== Segment start ==

(* Each coordinate is weighted [1 - p] at 0 and [p / (q - 1)] elsewhere: a
   vector of weight < pn then has mass at least q^(-H_q(p) n). *)
Lemma card_wt_ball_le (p : R) : 0 < p -> p <= 1 - q%:R^-1 ->
  #|wt_ball (p * n%:R) : {set vec}|%:R <= q%:R `^ (Hq q p * n%:R).
Proof.
move=> p_gt0 p_le; set Q : R := q%:R.
have Q_gt1 : 1 < Q by rewrite ltr1n card_finNzRing_gt1.
have Qi_gt0 : 0 < Q^-1 by rewrite invr_gt0; lra.
have p_lt1 : p < 1 by lra.
set t := p / ((Q - 1) * (1 - p)).
have t_gt0 : 0 < t by rewrite divr_gt0 // mulr_gt0 //; lra.
have t_le1 : t <= 1.
  rewrite ler_pdivrMr ?mulr_gt0 ?mul1r //; try lra.
  have : Q^-1 * Q = 1 by rewrite mulVf //; lra.
  nra.
pose G (a : F) := (1 - p) * (if a == 0 then 1 else t).
have G_ge0 a : 0 <= G a by rewrite /G; case: ifP => _; apply: mulr_ge0; lra.
have sumG : \sum_a G a = 1.
  rewrite -mulr_sumr (bigD1 0) //= eqxx (eq_bigr (fun=> t)) => [|a /negPf -> //].
  rewrite sumr_const cardC1 -[t *+ _]mulr_natr -subn1 natrB.
    by rewrite -/Q /t; field; lra.
  exact: ltnW (card_finNzRing_gt1 F).
set m := expR (n%:R * (ln (1 - p) + p * ln t)).
have Qm : Q `^ (- (Hq q p * n%:R)) = m.
  have p01 : 0 < p < 1 by rewrite p_gt0 p_lt1.
  rewrite /powR gt_eqF; last lra.
  by rewrite /m /Q mulNr mulrAC (Hq_lnE (card_finNzRing_gt1 F) p01) mulNr opprK mulrC.
have m_le : {in wt_ball (p * n%:R), forall y : vec, m <= \prod_(i < n) G (y 0 i)}.
  move=> y; rewrite inE => wty.
  rewrite big_split /= prodr_const card_ord prod_wt.
  rewrite -[1 - p]lnK ?posrE ?subr_gt0 // -[t]lnK ?posrE //.
  rewrite -!expRM_natl -expRD ler_expR mulrDr lerD2l.
  have : ln t <= 0 by apply: ln_le0.
  nra.
have := card_mul_le_product_mass G_ge0 sumG m_le.
by rewrite -Qm powRN ler_pdivrMr ?powR_gt0 // ?mul1r; lra.
Qed.

End Volume.

Section MinimumDistance.
Variables (F : finFieldType) (n : nat) (R : realType) (r l : nat).
Local Notation vec := (vec F n).
Local Notation q := #|F|.
Local Notation Z0 := (HZ0 F n r).

Lemma qlrc_prob_dist_ge_ball_bound (t : R) :
  0 < t <= n%:R -> (2 * (n %/ r + l) <= n)%N ->
  1 - 2 * q%:R ^- l * (#|wt_ball t : {set vec}|%:R - 1)
    <= @qlrc_prob_dist_ge F n R r l t.
Proof.
move=> /andP[t_gt0 tn] hn; rewrite /qlrc_prob_dist_ge qlrc_probE.
pose Y : {set vec} := wt_ball t :\ 0.
pose bad y sX sZ : R :=
  (y \in kerH sZ :\: perp (kerH sX))%:R + (y \in kerH sX :\: perp (kerH Z0))%:R.
have bad_le y : qlrc_avg r l (bad y) <= 2 * q%:R ^- l.
  rewrite qlrc_avgD; have := qlrc_avg_Zlogical_le R r l y.
  by have := qlrc_avg_Xlogical_le R r l y; lra.
have card_Y : #|Y|%:R = #|wt_ball t : {set vec}|%:R - 1 :> R.
  rewrite (cardsD1 0 (wt_ball t)) !inE wt0 t_gt0 natrD addrAC subrr add0r.
  by congr (_%:R); apply: eq_card => y; rewrite !inE andbC.
pose good (sX sZ : seq vec) : R := ((t <= (css_dist (kerH sX) (kerH sZ))%:R)%R)%:R.
have := @qlrc_avg_le _ _ _ r l (fun _ _ => 1)
  (fun sX sZ => good sX sZ + \sum_(y in Y) bad y sX sZ).
rewrite qlrc_avg1 // qlrc_avgD qlrc_avg_sum => union_bound.
have {union_bound} :=
  union_bound (fun e1 e2 => css_dist_union_bound _ (kerH_catl _ _) tn).
have : \sum_(y in Y) qlrc_avg r l (bad y) <= \sum_(y in Y) 2 * q%:R ^- l.
  by apply: ler_sum => y _; apply: bad_le.
rewrite sumr_const -[_ *+ #|_|]mulr_natr card_Y; lra.
Qed.

Lemma qlrc_dist_entropy_bound (delta eps : R) :
  (l%:R : R) < n%:R / 2 - (n %/ r)%:R ->
  0 < delta -> delta <= 1 - q%:R^-1 -> 0 < eps ->
  (Hq q delta + eps) * n%:R <= l%:R ->
  1 - 2 * q%:R `^ (- (eps * n%:R)) < @qlrc_prob_dist_ge F n R r l (delta * n%:R).
Proof.
move=> hl delta_gt0 delta_le eps_gt0 hH.
have Q_gt1 : 1 < q%:R :> R by rewrite ltr1n (card_finNzRing_gt1 F).
have n_gt0 : 0 < n%:R :> R by have := ler0n R l; have := ler0n R (n %/ r); lra.
have hn : (2 * (n %/ r + l) <= n)%N.
  by rewrite -(ler_nat R) natrM natrD; apply: ltW; lra.
have t_range : 0 < delta * n%:R <= n%:R.
  have qi_gt0 : 0 < q%:R^-1 :> R by rewrite invr_gt0; lra.
  by rewrite mulr_gt0 //= ler_piMl ?ler0n //; lra.
apply: lt_le_trans (qlrc_prob_dist_ge_ball_bound t_range hn).
have c_gt0 : 0 < q%:R ^- l :> R by rewrite invr_gt0 exprn_gt0 //; lra.
have ball_le : q%:R ^- l * #|wt_ball (delta * n%:R) : {set vec}|%:R
               <= q%:R `^ (- (eps * n%:R)).
  apply: le_trans (ler_wpM2l (ltW c_gt0) (card_wt_ball_le n delta_gt0 delta_le)) _.
  rewrite -powR_invn ?ler0n // -powRD.
    by apply: ler_powR; lra.
  by apply/implyP => _; rewrite gt_eqF //; lra.
nra.
Qed.

End MinimumDistance.

Theorem proposition4p4 (R : realType) (F : finFieldType) (n r l : nat)
  (hr : (r %| n)%N)
  (hl : (l%:R : R) < n%:R / 2 - (n %/ r)%:R)
  (delta eps : R) (hdelta : 0 < delta) (hdelta1 : delta <= 1 - (#|F|%:R)^-1)
  (heps : 0 < eps) :
  ((Hq #|F| delta + eps) * n%:R <= l%:R ->
     1 - 2 * powR (#|F|%:R) (- (eps * n%:R))
       < @qlrc_prob_dist_ge F n R r l (delta * n%:R))
  /\
  (powR 2 (2 / eps) <= #|F|%:R ->
   (delta + eps) * n%:R <= l%:R ->
     1 - 2 * powR (#|F|%:R) (- (eps * n%:R / 2))
       < @qlrc_prob_dist_ge F n R r l (delta * n%:R)).
Proof.
split; first exact: qlrc_dist_entropy_bound.
move=> hq hl2; rewrite [eps * _ / 2]mulrAC.
have qi_gt0 : 0 < #|F|%:R^-1 :> R by rewrite invr_gt0 ltr0n ltnW ?card_finNzRing_gt1.
have delta01 : 0 < delta < 1 by rewrite hdelta /=; lra.
apply: qlrc_dist_entropy_bound => //; first lra.
apply: le_trans hl2; rewrite ler_wpM2r //.
by have := Hq_le (card_finNzRing_gt1 F) delta01 heps hq; lra.
Qed.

== Segment end ==

▸ Exercise:
Your answer should consist solely of the lines above from the line with "have : \sum_(y" to the line with "(Hq q delta + eps) * n%:R <= l%:R ->", both included, reproduced exactly.

▸ Response area:
have : \sum_(y in Y) qlrc_avg r l (bad y) <= \sum_(y in Y) 2 * q%:R ^- l.
  by apply: ler_sum => y _; apply: bad_le.
rewrite sumr_const -[_ *+ #|_|]mulr_natr card_Y; lra.
Qed.

Lemma qlrc_dist_entropy_bound (delta eps : R) :
  (l%:R : R) < n%:R / 2 - (n %/ r)%:R ->
  0 < delta -> delta <= 1 - q%:R^-1 -> 0 < eps ->
  (Hq q delta + eps) * n%:R <= l%:R ->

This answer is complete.